Lemma compact_directed_cover (K : set T) (P : set (set T)) :
  compact K -> (forall V, P V -> open V) -> P !=set0 ->
  (forall V W, P V -> P W -> P (V `|` W)) ->
  K `<=` \bigcup_(V in P) V -> exists2 V, P V & K `<=` V.
Proof.
move=> cK oP [V0 PV0] PU cov; apply: contrapT => noV.
have outV V : P V -> exists x, K x /\ ~ V x.
  move=> PV; apply: contrapT => allV; apply: noV; exists V => // x Kx.
  by apply: contrapT => nVx; apply: allV; exists x.
pose F := filter_from P (fun V => K `\` V).
have FF : ProperFilter F.
  apply: filter_from_proper; last by move=> V /outV [x []]; exists x.
  apply: filter_from_filter; first by exists V0.
  move=> V W PV PW; exists (V `|` W); first exact: PU.
  by move=> x [Kx nVW]; split; split => // ?; apply: nVW; [left|right].
have [x [Kx clx]] : exists x, K x /\ cluster F x by apply: cK; exists V0 => // x [].
have [V PV Vx] := cov x Kx.
have FKV : F (K `\` V) by exists V.
have [y [[_ nVy] Vy]] := clx _ V FKV (open_nbhs_nbhs (conj (oP V PV) Vx)).
exact: nVy.
Qed.

Definition open_separated (A B : set T) :=
  exists U V, [/\ open U, open V, A `<=` U, B `<=` V & U `&` V = set0].

Lemma open_separatedC (A B : set T) : open_separated A B -> open_separated B A.
Proof. by move=> [U [V [oU oV AU BV]]]; exists V, U; rewrite setIC. Qed.

Lemma compact_open_separated (K B : set T) : compact K ->
  (forall x, K x -> open_separated [set x] B) -> open_separated K B.
Proof.
move=> cK sepK.
pose P := [set U | open U /\ exists V, [/\ open V, B `<=` V & U `&` V = set0]].
have [||U U'|x Kx|U [oU [V [oV BV UV]]] KU] := @compact_directed_cover K P cK.
- by move=> U [].
- exists set0; split; first exact: open0.
  by exists setT; split; [exact: openT | | exact: set0I].
- move=> [oU [V [oV BV UV]]] [oU' [V' [oV' BV' UV']]]; split; first exact: openU.
  exists (V `&` V'); split; first exact: openI.
    by move=> y By; split; [exact: BV | exact: BV'].
  by apply/seteqP; split => // y [[Uy|Uy] [Vy V'y]]; [rewrite -UV | rewrite -UV'].
- have [U [V [oU oV xU BV UV]]] := sepK x Kx.
  by exists U; [split => //; exists V | exact: xU].
- by exists U, V.
Qed.

Lemma hausdorff_compact_separated (K1 K2 : set T) : hausdorff_space T ->
  compact K1 -> compact K2 -> K1 `&` K2 = set0 -> open_separated K1 K2.
Proof.
move=> hT cK1 cK2 K12; apply: compact_open_separated => // x K1x.
apply/open_separatedC/compact_open_separated => // y K2y.
have xy : x != y.
  apply/eqP => xy; suff : (K1 `&` K2) x by rewrite K12.
  by split; rewrite // xy.
move: hT; rewrite open_hausdorff => /(_ x y xy) [[U V] /=].
rewrite !inE => -[xU yV] [oU oV UV].
exists V, U; split => //.
- by move=> z ->.
- by move=> z ->.
- by rewrite setIC; exact: UV.
Qed.

End compact_separation.

Section relative_topology.
Context {T : topologicalType}.
Implicit Types A S : set T.

Definition rel_open A S := exists2 V, open V & forall x, A x -> (S x <-> V x).
Definition rel_closed A S := exists2 F, closed F & forall x, A x -> (S x <-> F x).

Lemma open_rel_open A S : open S -> rel_open A S.
Proof. by exists S. Qed.

Lemma rel_openC A S : rel_closed A S -> rel_open A (~` S).
Proof.
move=> [F cF SF]; exists (~` F); first exact: closed_openC.
by move=> x Ax; split => nS ?; apply: nS; apply/(SF x Ax).
Qed.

***

• DIRECTIONS FOR THIS TASK
Start at the first line of the data above. Stop after the line containing "move=> cK sepK.", reproducing each line exactly and adding nothing.

• RESPONSE
Lemma compact_directed_cover (K : set T) (P : set (set T)) :
  compact K -> (forall V, P V -> open V) -> P !=set0 ->
  (forall V W, P V -> P W -> P (V `|` W)) ->
  K `<=` \bigcup_(V in P) V -> exists2 V, P V & K `<=` V.
Proof.
move=> cK oP [V0 PV0] PU cov; apply: contrapT => noV.
have outV V : P V -> exists x, K x /\ ~ V x.
  move=> PV; apply: contrapT => allV; apply: noV; exists V => // x Kx.
  by apply: contrapT => nVx; apply: allV; exists x.
pose F := filter_from P (fun V => K `\` V).
have FF : ProperFilter F.
  apply: filter_from_proper; last by move=> V /outV [x []]; exists x.
  apply: filter_from_filter; first by exists V0.
  move=> V W PV PW; exists (V `|` W); first exact: PU.
  by move=> x [Kx nVW]; split; split => // ?; apply: nVW; [left|right].
have [x [Kx clx]] : exists x, K x /\ cluster F x by apply: cK; exists V0 => // x [].
have [V PV Vx] := cov x Kx.
have FKV : F (K `\` V) by exists V.
have [y [[_ nVy] Vy]] := clx _ V FKV (open_nbhs_nbhs (conj (oP V PV) Vx)).
exact: nVy.
Qed.

Definition open_separated (A B : set T) :=
  exists U V, [/\ open U, open V, A `<=` U, B `<=` V & U `&` V = set0].

Lemma open_separatedC (A B : set T) : open_separated A B -> open_separated B A.
Proof. by move=> [U [V [oU oV AU BV]]]; exists V, U; rewrite setIC. Qed.

Lemma compact_open_separated (K B : set T) : compact K ->
  (forall x, K x -> open_separated [set x] B) -> open_separated K B.
Proof.
move=> cK sepK.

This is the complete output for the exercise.